======== GIVEN INFORMATION ========

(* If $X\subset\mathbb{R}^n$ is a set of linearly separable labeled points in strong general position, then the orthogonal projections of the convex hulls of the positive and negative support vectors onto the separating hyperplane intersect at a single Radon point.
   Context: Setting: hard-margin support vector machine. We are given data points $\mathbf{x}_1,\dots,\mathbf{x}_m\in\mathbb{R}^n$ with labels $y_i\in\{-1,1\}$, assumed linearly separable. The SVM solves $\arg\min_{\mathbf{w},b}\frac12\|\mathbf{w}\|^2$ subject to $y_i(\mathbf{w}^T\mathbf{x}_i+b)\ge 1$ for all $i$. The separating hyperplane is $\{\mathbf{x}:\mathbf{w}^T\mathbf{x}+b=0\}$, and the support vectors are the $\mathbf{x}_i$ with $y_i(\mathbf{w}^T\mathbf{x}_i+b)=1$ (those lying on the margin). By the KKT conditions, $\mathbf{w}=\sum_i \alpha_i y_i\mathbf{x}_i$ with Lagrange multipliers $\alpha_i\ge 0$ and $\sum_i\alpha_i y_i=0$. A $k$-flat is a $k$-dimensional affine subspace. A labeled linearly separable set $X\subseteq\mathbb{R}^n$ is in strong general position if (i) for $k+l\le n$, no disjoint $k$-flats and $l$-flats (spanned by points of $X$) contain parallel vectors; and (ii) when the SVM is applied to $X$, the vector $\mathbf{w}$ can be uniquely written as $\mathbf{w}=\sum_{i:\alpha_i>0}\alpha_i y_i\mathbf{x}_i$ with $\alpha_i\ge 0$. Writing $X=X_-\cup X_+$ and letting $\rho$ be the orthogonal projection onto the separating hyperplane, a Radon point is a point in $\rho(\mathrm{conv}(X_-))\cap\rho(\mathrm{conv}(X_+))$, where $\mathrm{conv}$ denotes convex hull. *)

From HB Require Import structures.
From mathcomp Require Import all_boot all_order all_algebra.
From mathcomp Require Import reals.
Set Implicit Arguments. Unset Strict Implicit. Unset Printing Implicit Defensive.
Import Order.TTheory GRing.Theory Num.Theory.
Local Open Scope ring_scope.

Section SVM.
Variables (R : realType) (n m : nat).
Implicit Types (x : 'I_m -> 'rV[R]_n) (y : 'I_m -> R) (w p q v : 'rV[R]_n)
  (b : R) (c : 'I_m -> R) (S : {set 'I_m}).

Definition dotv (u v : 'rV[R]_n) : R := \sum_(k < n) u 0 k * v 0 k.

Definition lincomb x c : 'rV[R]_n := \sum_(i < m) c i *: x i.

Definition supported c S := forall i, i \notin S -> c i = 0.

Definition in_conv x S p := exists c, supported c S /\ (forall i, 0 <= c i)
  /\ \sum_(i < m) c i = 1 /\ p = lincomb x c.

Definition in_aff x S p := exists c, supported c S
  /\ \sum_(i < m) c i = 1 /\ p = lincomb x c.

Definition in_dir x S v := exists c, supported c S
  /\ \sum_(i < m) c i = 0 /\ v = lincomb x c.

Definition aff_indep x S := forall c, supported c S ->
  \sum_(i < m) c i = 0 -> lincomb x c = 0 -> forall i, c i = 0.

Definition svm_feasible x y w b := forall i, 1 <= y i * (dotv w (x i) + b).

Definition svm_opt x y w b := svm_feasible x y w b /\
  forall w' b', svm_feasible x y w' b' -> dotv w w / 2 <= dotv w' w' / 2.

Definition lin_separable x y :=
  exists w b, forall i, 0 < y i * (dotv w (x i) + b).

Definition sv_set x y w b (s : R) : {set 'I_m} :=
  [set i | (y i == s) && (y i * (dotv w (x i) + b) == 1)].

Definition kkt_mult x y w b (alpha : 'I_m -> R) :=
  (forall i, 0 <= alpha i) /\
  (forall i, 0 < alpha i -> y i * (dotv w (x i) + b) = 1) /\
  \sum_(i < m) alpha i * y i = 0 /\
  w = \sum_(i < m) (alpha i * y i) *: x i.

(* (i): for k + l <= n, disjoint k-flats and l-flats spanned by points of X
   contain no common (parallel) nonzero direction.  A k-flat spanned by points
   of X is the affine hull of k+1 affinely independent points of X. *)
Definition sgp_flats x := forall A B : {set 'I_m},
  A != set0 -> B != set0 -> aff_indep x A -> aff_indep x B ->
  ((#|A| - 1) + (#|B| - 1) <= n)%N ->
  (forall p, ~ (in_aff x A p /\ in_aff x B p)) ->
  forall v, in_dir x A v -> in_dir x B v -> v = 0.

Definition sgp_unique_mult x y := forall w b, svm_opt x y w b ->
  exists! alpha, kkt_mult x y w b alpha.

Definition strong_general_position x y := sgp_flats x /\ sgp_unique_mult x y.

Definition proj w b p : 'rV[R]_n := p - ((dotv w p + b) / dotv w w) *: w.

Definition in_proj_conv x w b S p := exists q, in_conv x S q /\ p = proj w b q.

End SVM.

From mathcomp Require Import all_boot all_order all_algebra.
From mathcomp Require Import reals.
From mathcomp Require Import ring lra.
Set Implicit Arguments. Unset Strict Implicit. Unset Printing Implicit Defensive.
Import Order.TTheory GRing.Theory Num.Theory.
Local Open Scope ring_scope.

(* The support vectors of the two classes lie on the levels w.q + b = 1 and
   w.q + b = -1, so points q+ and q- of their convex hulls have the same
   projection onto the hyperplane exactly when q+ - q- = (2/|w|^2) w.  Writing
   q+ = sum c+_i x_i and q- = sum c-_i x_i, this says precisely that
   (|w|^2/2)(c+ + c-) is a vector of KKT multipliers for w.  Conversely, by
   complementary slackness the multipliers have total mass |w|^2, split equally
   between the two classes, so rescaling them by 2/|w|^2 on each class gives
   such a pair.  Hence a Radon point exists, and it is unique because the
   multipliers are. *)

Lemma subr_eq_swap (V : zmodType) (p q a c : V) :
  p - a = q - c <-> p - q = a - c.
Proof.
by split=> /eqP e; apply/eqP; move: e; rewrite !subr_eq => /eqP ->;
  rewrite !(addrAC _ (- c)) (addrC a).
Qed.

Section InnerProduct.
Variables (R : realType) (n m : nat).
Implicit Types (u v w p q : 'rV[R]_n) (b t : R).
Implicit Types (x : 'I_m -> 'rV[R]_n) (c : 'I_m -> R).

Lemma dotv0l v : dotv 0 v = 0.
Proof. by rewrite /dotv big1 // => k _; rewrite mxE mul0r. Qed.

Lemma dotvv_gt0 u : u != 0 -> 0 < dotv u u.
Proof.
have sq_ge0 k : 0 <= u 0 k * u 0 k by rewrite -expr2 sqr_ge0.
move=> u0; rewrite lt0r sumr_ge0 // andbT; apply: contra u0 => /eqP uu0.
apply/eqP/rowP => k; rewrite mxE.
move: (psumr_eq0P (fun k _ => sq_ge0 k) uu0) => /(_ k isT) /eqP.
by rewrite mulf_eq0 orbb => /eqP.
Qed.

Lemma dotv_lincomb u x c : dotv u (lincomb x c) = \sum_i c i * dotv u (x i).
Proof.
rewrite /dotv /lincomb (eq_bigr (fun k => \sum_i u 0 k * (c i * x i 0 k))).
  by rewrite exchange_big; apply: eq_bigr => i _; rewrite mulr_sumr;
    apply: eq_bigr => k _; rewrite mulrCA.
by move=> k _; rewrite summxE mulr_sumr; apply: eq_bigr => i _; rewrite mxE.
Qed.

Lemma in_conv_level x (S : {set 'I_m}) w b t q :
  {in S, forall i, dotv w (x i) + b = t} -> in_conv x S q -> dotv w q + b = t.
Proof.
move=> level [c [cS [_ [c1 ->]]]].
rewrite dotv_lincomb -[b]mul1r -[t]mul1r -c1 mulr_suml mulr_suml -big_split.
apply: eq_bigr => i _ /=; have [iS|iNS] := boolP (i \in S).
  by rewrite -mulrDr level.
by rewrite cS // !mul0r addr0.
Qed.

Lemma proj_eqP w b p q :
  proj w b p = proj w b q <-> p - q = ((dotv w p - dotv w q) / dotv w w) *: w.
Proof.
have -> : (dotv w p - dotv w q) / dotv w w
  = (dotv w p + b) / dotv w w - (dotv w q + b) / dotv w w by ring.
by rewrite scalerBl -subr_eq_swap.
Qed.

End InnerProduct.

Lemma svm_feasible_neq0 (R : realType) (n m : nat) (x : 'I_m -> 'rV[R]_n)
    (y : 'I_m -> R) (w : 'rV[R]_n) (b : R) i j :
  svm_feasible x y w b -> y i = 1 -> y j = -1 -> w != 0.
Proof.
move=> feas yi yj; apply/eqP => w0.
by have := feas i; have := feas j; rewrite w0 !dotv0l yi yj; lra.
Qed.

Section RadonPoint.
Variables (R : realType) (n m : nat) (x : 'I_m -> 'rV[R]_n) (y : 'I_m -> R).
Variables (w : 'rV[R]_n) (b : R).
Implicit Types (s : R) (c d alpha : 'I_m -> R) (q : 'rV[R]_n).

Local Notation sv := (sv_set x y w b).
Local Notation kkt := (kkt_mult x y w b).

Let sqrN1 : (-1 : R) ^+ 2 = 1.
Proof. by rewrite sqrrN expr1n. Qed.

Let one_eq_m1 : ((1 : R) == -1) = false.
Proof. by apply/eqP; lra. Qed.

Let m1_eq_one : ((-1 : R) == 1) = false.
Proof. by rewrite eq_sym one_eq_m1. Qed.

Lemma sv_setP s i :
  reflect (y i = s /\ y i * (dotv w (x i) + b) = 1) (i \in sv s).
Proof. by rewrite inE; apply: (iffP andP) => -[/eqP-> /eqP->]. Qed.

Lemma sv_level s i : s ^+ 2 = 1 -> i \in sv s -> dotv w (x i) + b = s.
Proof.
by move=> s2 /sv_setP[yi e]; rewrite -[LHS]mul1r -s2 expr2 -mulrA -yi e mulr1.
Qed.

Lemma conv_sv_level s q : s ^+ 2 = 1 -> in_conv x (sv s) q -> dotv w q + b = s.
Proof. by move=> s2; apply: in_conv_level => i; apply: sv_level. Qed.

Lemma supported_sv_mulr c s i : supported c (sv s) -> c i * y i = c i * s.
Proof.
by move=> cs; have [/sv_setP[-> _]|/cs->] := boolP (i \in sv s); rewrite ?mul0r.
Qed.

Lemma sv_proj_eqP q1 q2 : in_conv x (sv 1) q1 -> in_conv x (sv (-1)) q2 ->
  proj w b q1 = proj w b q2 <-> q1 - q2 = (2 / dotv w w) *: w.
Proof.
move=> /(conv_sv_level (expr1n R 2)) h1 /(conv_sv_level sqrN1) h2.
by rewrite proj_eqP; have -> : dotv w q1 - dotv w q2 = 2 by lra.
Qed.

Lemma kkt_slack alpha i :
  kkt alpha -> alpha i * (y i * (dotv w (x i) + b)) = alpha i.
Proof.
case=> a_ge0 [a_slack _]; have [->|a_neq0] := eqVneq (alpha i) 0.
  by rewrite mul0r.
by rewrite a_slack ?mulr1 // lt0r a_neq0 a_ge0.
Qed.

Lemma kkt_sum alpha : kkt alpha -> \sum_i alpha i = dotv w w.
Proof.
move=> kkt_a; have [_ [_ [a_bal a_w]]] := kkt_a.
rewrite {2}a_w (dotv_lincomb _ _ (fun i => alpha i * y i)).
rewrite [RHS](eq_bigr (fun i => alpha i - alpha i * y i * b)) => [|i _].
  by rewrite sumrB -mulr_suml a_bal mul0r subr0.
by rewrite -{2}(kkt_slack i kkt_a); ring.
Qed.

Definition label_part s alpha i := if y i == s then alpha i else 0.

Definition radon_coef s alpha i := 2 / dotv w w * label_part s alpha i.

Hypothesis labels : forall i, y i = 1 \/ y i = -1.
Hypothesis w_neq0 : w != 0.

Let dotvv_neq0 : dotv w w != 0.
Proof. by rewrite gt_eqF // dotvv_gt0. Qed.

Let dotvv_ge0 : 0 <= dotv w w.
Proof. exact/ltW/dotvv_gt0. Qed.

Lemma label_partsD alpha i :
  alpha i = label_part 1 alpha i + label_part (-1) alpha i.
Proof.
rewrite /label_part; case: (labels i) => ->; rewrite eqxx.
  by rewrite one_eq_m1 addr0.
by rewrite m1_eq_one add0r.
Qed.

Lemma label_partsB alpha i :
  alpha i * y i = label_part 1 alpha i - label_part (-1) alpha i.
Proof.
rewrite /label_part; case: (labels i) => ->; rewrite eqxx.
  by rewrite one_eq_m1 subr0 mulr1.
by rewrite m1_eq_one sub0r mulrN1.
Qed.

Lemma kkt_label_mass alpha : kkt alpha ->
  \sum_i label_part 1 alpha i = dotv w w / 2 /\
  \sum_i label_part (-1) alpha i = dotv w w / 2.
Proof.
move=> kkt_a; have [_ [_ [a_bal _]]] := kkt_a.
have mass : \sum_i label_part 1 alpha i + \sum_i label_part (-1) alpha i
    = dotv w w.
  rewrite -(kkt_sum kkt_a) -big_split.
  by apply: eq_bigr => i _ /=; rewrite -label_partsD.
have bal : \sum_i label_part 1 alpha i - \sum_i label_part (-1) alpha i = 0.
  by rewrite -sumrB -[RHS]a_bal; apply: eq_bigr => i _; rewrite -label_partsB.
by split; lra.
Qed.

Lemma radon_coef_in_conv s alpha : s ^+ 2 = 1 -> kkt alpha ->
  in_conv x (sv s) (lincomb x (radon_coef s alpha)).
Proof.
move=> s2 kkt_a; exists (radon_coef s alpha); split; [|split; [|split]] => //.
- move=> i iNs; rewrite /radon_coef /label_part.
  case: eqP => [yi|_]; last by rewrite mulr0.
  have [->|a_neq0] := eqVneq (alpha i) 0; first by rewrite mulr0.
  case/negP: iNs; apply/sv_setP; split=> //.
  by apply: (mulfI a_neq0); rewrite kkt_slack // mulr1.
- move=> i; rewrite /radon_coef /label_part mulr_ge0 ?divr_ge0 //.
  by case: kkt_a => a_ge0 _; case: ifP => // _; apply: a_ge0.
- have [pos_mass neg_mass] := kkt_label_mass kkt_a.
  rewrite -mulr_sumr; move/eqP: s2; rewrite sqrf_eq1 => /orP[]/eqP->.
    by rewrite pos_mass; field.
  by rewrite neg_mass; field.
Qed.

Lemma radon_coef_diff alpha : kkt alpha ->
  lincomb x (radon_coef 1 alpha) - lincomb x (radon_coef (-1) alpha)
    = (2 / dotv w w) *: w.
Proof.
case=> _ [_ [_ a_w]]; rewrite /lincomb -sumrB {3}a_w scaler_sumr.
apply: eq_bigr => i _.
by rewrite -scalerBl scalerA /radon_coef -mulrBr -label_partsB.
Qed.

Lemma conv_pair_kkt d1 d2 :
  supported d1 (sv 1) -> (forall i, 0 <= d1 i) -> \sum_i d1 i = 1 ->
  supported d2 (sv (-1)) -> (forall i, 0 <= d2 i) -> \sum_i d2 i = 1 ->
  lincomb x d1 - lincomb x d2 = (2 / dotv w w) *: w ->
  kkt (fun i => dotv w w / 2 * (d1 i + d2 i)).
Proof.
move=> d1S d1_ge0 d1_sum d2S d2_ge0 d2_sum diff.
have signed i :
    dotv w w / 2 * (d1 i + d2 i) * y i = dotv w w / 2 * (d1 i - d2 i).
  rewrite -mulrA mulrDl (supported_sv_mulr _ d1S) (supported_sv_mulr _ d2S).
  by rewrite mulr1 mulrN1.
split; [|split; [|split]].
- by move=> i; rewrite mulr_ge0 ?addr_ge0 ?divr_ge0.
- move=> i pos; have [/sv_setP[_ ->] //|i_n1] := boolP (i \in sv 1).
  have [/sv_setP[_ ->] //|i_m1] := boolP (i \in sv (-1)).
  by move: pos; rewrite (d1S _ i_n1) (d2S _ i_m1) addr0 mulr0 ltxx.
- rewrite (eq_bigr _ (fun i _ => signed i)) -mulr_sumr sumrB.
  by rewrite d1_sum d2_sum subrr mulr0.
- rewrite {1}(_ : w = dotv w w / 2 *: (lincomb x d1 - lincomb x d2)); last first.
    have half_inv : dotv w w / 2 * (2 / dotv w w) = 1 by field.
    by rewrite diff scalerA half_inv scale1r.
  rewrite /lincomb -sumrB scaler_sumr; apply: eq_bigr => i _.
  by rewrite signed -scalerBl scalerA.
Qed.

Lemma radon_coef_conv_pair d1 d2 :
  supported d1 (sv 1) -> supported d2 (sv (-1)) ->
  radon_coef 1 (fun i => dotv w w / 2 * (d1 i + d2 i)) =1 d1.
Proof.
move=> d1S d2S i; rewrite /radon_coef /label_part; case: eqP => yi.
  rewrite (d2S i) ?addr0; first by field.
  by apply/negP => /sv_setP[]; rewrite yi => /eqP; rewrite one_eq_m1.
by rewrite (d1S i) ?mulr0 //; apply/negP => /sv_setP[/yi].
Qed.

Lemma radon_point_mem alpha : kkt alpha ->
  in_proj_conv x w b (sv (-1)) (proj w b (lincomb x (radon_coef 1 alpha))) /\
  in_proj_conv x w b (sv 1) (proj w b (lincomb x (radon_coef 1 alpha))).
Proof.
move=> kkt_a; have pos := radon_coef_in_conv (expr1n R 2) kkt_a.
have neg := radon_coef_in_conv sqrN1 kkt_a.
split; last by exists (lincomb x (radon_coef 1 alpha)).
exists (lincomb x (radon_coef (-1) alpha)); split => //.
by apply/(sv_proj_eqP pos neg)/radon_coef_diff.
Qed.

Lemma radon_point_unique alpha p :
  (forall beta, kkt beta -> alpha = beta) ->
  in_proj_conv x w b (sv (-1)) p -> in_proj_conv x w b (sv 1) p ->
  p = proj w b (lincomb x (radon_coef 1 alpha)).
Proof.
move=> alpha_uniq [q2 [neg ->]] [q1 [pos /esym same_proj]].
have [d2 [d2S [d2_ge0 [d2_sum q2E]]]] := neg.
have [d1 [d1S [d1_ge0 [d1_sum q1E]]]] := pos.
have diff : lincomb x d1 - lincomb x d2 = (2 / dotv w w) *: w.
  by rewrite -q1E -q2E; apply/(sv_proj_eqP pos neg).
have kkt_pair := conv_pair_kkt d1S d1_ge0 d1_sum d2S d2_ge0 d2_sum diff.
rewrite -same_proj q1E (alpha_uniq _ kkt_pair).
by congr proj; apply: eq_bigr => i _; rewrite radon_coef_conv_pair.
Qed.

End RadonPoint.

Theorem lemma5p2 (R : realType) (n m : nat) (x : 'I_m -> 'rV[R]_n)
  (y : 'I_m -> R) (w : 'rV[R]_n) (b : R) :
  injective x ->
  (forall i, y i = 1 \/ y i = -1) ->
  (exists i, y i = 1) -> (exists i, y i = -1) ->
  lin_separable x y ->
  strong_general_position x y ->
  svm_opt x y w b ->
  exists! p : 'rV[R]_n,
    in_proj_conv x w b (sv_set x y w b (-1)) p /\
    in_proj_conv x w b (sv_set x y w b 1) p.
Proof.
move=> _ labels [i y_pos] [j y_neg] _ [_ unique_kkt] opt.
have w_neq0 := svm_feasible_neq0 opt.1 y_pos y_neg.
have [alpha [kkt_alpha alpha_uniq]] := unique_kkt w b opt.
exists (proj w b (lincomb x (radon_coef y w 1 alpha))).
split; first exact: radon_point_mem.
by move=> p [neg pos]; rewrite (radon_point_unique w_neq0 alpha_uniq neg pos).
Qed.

========
======== GIVEN INFORMATION ========

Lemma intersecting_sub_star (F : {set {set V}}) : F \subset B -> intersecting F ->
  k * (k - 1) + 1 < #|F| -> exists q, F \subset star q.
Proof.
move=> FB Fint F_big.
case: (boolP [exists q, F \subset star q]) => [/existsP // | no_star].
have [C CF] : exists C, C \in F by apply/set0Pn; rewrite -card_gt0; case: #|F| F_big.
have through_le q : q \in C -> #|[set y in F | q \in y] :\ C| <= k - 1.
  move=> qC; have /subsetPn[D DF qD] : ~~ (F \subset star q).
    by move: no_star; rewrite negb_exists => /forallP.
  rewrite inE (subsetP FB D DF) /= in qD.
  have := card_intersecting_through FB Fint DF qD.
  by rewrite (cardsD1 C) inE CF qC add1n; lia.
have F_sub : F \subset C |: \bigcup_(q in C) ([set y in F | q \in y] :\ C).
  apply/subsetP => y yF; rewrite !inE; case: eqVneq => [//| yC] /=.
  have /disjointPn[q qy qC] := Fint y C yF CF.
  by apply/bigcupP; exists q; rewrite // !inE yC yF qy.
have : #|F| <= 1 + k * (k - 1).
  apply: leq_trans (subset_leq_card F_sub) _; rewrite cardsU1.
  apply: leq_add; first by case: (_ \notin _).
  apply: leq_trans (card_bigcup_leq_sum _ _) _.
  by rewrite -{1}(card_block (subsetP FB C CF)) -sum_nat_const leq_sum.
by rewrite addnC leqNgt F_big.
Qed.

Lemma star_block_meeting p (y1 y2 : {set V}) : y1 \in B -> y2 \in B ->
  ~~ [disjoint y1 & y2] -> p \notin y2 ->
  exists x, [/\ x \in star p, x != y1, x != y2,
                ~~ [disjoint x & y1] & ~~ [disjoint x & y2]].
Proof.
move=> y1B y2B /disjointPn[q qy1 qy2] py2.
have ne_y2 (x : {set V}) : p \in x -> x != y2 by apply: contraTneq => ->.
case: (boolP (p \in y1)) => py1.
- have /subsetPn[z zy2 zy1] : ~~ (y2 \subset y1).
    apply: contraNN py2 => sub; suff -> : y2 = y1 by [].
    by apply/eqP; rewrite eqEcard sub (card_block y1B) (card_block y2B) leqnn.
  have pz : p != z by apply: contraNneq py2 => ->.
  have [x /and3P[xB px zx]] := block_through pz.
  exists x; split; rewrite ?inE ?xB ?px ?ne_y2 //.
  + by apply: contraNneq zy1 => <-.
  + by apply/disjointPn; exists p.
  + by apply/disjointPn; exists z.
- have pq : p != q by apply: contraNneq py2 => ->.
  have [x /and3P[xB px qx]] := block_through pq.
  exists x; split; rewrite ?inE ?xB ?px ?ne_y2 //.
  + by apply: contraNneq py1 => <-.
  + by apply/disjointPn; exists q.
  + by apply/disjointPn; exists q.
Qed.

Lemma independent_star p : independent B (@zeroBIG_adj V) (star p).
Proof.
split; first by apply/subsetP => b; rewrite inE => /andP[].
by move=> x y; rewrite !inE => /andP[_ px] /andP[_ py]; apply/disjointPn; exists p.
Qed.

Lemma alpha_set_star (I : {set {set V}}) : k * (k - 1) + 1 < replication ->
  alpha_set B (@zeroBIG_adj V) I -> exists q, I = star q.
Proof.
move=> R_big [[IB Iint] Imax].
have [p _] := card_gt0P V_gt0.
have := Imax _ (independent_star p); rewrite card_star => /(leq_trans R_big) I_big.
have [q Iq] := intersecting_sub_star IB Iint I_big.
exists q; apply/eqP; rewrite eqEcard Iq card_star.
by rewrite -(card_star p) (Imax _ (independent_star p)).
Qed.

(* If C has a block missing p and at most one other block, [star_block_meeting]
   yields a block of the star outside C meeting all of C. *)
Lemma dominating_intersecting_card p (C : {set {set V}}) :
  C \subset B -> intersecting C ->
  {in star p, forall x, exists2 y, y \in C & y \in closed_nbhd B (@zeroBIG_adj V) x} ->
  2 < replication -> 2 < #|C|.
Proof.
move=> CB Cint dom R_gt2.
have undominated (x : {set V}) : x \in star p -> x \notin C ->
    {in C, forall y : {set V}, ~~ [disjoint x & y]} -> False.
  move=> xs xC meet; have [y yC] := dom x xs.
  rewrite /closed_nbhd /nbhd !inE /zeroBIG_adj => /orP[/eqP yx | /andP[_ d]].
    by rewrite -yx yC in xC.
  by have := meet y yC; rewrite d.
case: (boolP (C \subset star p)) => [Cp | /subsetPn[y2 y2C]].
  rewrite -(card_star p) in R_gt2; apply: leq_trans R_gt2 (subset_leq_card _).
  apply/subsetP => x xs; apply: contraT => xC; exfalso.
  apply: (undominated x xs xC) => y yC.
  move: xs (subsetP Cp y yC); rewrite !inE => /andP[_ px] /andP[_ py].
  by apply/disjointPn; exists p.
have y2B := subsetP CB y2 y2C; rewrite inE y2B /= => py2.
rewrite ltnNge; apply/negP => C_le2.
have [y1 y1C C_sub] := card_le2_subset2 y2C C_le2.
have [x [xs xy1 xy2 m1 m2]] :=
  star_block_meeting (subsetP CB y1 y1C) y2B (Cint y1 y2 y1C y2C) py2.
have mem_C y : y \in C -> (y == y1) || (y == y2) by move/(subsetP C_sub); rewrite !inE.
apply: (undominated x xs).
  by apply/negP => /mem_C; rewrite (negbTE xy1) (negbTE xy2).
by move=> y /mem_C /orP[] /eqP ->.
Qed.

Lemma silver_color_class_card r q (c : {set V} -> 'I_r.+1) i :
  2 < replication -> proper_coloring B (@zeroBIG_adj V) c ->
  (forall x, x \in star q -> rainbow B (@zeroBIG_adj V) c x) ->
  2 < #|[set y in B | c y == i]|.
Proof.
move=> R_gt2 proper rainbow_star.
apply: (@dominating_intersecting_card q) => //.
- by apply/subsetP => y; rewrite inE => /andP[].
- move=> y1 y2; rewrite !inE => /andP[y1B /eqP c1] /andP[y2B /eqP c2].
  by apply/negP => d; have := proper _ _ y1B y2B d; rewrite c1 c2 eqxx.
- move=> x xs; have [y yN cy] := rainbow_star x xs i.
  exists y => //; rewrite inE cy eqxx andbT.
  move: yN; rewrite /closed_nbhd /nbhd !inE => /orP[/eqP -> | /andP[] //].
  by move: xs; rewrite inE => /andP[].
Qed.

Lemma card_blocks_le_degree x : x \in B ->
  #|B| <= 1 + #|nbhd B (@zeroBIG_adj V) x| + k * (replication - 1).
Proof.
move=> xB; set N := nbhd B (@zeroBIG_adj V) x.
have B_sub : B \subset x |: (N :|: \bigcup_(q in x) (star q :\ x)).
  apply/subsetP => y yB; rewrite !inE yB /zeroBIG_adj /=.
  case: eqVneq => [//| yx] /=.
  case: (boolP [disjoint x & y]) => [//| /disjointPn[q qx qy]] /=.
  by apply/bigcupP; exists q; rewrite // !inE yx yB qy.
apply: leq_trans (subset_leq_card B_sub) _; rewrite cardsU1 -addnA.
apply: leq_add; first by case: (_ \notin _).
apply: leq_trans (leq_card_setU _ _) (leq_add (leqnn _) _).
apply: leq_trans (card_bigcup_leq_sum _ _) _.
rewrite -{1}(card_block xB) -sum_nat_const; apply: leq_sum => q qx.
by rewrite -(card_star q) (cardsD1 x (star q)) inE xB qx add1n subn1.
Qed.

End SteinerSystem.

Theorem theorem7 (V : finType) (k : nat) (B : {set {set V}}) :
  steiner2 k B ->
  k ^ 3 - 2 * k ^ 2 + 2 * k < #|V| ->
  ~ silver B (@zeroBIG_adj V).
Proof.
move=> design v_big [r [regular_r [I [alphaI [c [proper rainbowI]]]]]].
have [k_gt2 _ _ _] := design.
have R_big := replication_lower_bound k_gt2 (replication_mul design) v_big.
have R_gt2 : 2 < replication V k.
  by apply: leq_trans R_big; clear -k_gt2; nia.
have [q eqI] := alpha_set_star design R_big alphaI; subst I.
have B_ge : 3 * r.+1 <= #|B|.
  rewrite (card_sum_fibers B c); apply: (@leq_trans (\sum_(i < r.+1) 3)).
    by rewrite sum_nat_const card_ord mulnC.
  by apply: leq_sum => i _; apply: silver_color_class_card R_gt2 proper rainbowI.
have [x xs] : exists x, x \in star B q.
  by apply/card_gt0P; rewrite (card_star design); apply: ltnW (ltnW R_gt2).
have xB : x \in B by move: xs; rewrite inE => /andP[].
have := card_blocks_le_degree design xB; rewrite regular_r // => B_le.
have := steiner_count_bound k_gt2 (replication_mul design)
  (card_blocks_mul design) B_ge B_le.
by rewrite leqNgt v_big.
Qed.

========

◆ TASK DESCRIPTION:
Starting at the line that has "by rewrite m1_eq_one sub0r mulrN1." in the records above, restate word for word every line until the one that has "have bal : \sum_i", and include that one as well.

◆ OUTPUT FOR THIS TASK:
by rewrite m1_eq_one sub0r mulrN1.
Qed.

Lemma kkt_label_mass alpha : kkt alpha ->
  \sum_i label_part 1 alpha i = dotv w w / 2 /\
  \sum_i label_part (-1) alpha i = dotv w w / 2.
Proof.
move=> kkt_a; have [_ [_ [a_bal _]]] := kkt_a.
have mass : \sum_i label_part 1 alpha i + \sum_i label_part (-1) alpha i
    = dotv w w.
  rewrite -(kkt_sum kkt_a) -big_split.
  by apply: eq_bigr => i _ /=; rewrite -label_partsD.
have bal : \sum_i label_part 1 alpha i - \sum_i label_part (-1) alpha i = 0.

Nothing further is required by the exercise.